I giggled and he smirked..

"Did I just quote what I think I quoted?"

I outright laughed

"If anyone says that you are a snob about muggleness, I'm going to stand up and say you are a HUGE Star Wars fan."

That loosened him up a bit and he smiled.

"Now, what would you like to drink.."

He ordered mimicked mine to the tee and I also requested that we see some menus. The waiter hurried off to fill our drinks. I sank back down into the almost too comfortable bed/booth/table that was our private hideout in this world of strobe lights, deep reds and…. Wait…. does that girl have her top off?

I was staring with my mouth open when I heard a deep chuckle as Snape moved closer to me on the bed.

"Who are you gaping at, 'Jennifer'? Do you mean to tell me that with all your experience that you are new to this whole thing?"

I shrugged

"I've been to clubs, sure, and I've had a good time. I'm just not familiar with all this nonsense, and further more…"

The waiter returned with our drinks and menu's. We both reached for our drinks and immediately grabbed the limes and squeezed them within an inch of their lives. Of course, I squeezed mine just a bit too hard.

"OUCH! WHAT DID YOU DO?"

I looked over and saw Snape clawing at his eye. Crap, I sprayed him with limejuice. I thought that this was only behavior for a grapefruit.

"Errr…Sorry?"

Snape huffed and grabbed a napkin.

"I'm heading for the bathroom, please obtain more limes and have the bartender put them in the drinks for us. You are obviously not to be trusted."

Thank goodness I turned away as he got up and headed to the loo, I was laughing so hard. As soon as he was out of earshot, I retrieved the vial that Albus gave me. I rolled the glass vial back and forth in my fingers. This was my opportunity but I wasn't sure if I should take it. He was so open and sultry and…well…fun in the car, but his old self came back like a shot and THAT was not going to hold our cover. I only had a few more minutes to decide. The waiter returned with some extra limes and my decision was made. I dumped the vial into his glass and squeezed more lime into his drink, stirred it quickly and sat back to tend to my own drink. I took a drink and sank back into the bed. Man, these weren't bad. Of course, they were SO not worth what we were paying, but Lopez and Brody wouldn't care, right?

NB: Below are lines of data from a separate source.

Lemma standard_form_n2_monomial (L : finFieldType) q (b : 'I_2 -> L) :
  (1 < q)%N -> #|L| = (q ^ 2)%N -> scattered q b -> standard_form b ->
  exists2 c, c != 0 & forall x, qlin q b x = c * x ^+ q.
Proof.
move=> q_gt1 cardL sb st.
have qlinE x : qlin q b x = b 0 * x + b 1 * x ^+ q.
  by rewrite /qlin !big_ord_recl big_ord0 addr0 lift0_ord2 expn0 expr1 expn1.
have [lam [k [_ lam_k]]] := standard_form_scaling q_gt1 (isT : (0 < 2)%N) cardL sb st.
have b1 : b 1 != 0.
  apply: contra lam_k => /eqP b1; apply/eqP/in_Fq_qpow.
  apply: (scattered_Fq_scalar (isT : (0 < 2)%N) cardL sb (oner_neq0 L)).
  by rewrite !qlinE b1 !mul0r !addr0 mulrCA.
exists (b 1) => // x; rewrite qlinE.
suff -> : b 0 = 0 by rewrite mul0r add0r.
have t2 : t_of b = 2%N.
  have : (t_of b <= 2)%N by apply: dvdn_leq; last exact: dvdn_gcdr.
  by move: st; rewrite /standard_form; lia.
by apply/eqP/negP => /negP b0; have := coef_mod_t_of b0 b1; rewrite t2.
Qed.

Theorem proposition4p8 (L : finFieldType) (q n : nat)
  (hq : (1 < q)%N) (hn : (1 < n)%N) (hL : #|L| = (q ^ n)%N)
  (bf bh bh' : 'I_n -> L) :
  scattered q bf -> scattered q bh -> scattered q bh' ->
  standard_form bh -> standard_form bh' ->
  GL_equiv (qlin q bh) (qlin q bf) -> GL_equiv (qlin q bh') (qlin q bf) ->
  exists a b : L, [/\ a != 0, b != 0 &
    (forall x, qlin q bh' x = a * qlin q bh (b * x)) \/
    (forall x, qlin q bh' x = a * qinv q bh (b * x))].
Proof.
move=> _ sh sh' st st' Ghf Gh'f.
have [n_le2 | n_gt2] := leqP n 2.
  have n2 : n = 2%N by lia.
  subst n; have [c c0 hc] := standard_form_n2_monomial hq hL sh st.
  have [c' c'0 hc'] := standard_form_n2_monomial hq hL sh' st'.
  exists (c' / c), 1; split; rewrite ?oner_neq0 ?mulf_neq0 ?invr_eq0 //.
  by left => x; rewrite hc hc' mul1r; field.
have [A1 UA1 hA1] := GL_equiv_sends_graph Ghf.
have [A2 UA2 h'A2] := GL_equiv_sends_graph Gh'f.
have UA : A1 *m invmx A2 \in unitmx by rewrite unitmx_mul UA1 unitmx_inv.
have hA := sends_graph_mul hA1 (sends_graph_invmx UA2 h'A2).
apply: (sends_graph_monomial _ UA hA).
  exact/qlinK/(standard_form_injective hq (ltnW hn) hL sh st).
exact (sends_graph_standard_form_monomial hq (ltnW hn) hL n_gt2 sh sh' st st' UA hA).
Qed.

I turned my attention to the menu and Snape returned, without even a squint to betray his citrus attack. The appetizer menu look fabulous, when the waiter informed me that "the management" was sending something special over for the "the two of us".

Ok.

By now word had spread through the club that two top celebrities were "canoodling" (how in the hell did that word come into existence anyways) in the back of the club. Through the darkness and from the dance floor I saw several people craning their necks to get a look and I think I saw a few small red flashes from what I could only assume were cameras. Par for the course, I suppose.

Snape sat down at the bed and grabbed his glass and started stirring up his drink. I clenched my fingers and watched as he sniffed his drink and was about to take a sip when his eyes turned to me and he lowered his drink.

Oh shi…

"May I ask what is so interesting about my taking the first sip, Jen?"

Thinkthinkthinkthinkthinkthink

"I just wanted to know what you think. If you don't like it all we have to do is snap our fingers and they'll fly to Cuba to get us whatever type of rum we want…"

He smirked

Shew!

"This will be fine, Jen, Thank you."

He downed the whole glass in one gulp.

Was that stuff supposed to be sipped? I can't remember..

Then he raised his hand to get another one.